Lemma word_of_leL_DX r y : M y -> y <=L D ^+ r ->
  exists2 w, is_word (Div M D) w y & (size w <= r)%N.
Proof.
elim: r y => [|r IH] y My yDr.
  have -> : y = 1 by apply: (cone_anti My); rewrite -leL1 -(expg0 D).
  by exists [::].
have [y1 meet_y1] := (latM y (D ^+ r)).1.
have My1 : M y1 := meetL_cone My (cone_DX r) meet_y1.
have [w1 w1y1 size_w1] := IH y1 My1 (meetL_r meet_y1).
have y_y1D : y <=L y1 * D.
  have := meetL_max (meetL_mulDXr 1 meet_y1).
  by rewrite expg1 -expgSr; apply=> //; apply/leL_mulr/cone_D.
have Dy : Div M D (y1^-1 * y) by split; [exact: meetL_l meet_y1 | rewrite -leL_mulVl].
exists (w1 ++ [:: (false, y1^-1 * y)]); last by rewrite size_cat addn1.
by have := is_word_cat w1y1 (is_word_letter Dy).1; rewrite mulVKg.
Qed.

Lemma word_of_Dlen_le g n : Dlen_le g n ->
  exists2 w, is_word (Div M D) w g & (size w <= n)%N.
Proof.
case=> j [k [jkn [Lg Ug]]]; set m := D ^+ j * g.
have [m1 meet_m1] := (latM m (D ^+ j)).1.
have Mm : M m by rewrite /m -[D ^+ j]invgK; apply: Lg.
have Mm1 : M m1 := meetL_cone Mm (cone_DX j) meet_m1.
have m_m1Dk : m <=L m1 * D ^+ k.
  apply: meetL_max (meetL_mulDXr k meet_m1) _ _.
    exact/leL_mulr/cone_DX.
  by rewrite /m leL_mul2l.
have [w1 w1c size_w1] : exists2 w, is_word (Div M D) w (m1^-1 * D ^+ j) & (size w <= j)%N.
  apply: word_of_leL_DX; first exact: meetL_r meet_m1.
  by rewrite /leL; apply: cone_eq (cone_conjDX j Mm1) _; rewrite conjgE; gnormalize.
have [w2 w2m size_w2] : exists2 w, is_word (Div M D) w (m1^-1 * m) & (size w <= k)%N.
  by apply: word_of_leL_DX; [exact: meetL_l meet_m1 | rewrite -leL_mulVl].
exists (rev [seq (~~ e.1, e.2) | e <- w1] ++ w2).
  have -> : g = (m1^-1 * D ^+ j)^-1 * (m1^-1 * m) by rewrite /m; gnormalize.
  exact: is_word_cat (is_word_inv w1c) w2m.
by rewrite size_cat size_rev size_map (leq_trans _ jkn) // leq_add.
Qed.

Lemma is_word_nontrivial w g : is_word SD w g -> is_word (Div M D) w g.
Proof. by case=> Sw ew; split=> // e /Sw []. Qed.

Definition Dproj (H : G -> Prop) x b :=
  H b /\ exists n, Dlen_le (x^-1 * b) n /\
    forall g m, H g -> Dlen_le (x^-1 * g) m -> (n <= m)%N.

Lemma Dproj_mul2l (H : G -> Prop) h x b :
  (forall g, H (h * g) <-> H g) -> Dproj H x b -> Dproj H (h * x) (h * b).
Proof.
move=> Hh [Hb [n [dn min_n]]]; split; first exact/Hh.
exists n; split=> [|g m Hg]; first by rewrite invgM -mulgA mulKg.
rewrite -[g](mulVKg h) invgM -!mulgA mulKg; apply: min_n.
by rewrite -Hh mulVKg.
Qed.

Lemma Dproj_of_Dwithin (H : G -> Prop) x b j k :
  H b -> Dwithin (x^-1 * b) j k ->
  (forall g m, H g -> Dlen_le (x^-1 * g) m -> (j + k <= m)%N) -> Dproj H x b.
Proof. by move=> Hb xb min_jk; split=> //; exists (j + k)%N; split=> //; exists j, k. Qed.

Lemma word_length_exists g : exists n, word_length SD g n.
Proof.
have [w0 /is_word_drop1 [w1 w1g _]] := ggen_word (genG g).
pose P n := exists w, is_word SD w g /\ size w = n.
have [n [[[w [wg <-]] min_n] _]] := @dec_inh_nat_subset_has_unique_least_element P
  (fun n => classic (P n)) (ex_intro P _ (ex_intro _ w1 (conj w1g erefl))).
exists (size w); split; first by exists w.
by move=> w' w'g; apply/leP/min_n; exists w'.
Qed.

▸ What is required: If a line falls between the first line of the data above and the line holding "have Dy : Div", inclusive, retype it exactly; retype no other line.

▸ Task answer:
Lemma word_of_leL_DX r y : M y -> y <=L D ^+ r ->
  exists2 w, is_word (Div M D) w y & (size w <= r)%N.
Proof.
elim: r y => [|r IH] y My yDr.
  have -> : y = 1 by apply: (cone_anti My); rewrite -leL1 -(expg0 D).
  by exists [::].
have [y1 meet_y1] := (latM y (D ^+ r)).1.
have My1 : M y1 := meetL_cone My (cone_DX r) meet_y1.
have [w1 w1y1 size_w1] := IH y1 My1 (meetL_r meet_y1).
have y_y1D : y <=L y1 * D.
  have := meetL_max (meetL_mulDXr 1 meet_y1).
  by rewrite expg1 -expgSr; apply=> //; apply/leL_mulr/cone_D.
have Dy : Div M D (y1^-1 * y) by split; [exact: meetL_l meet_y1 | rewrite -leL_mulVl].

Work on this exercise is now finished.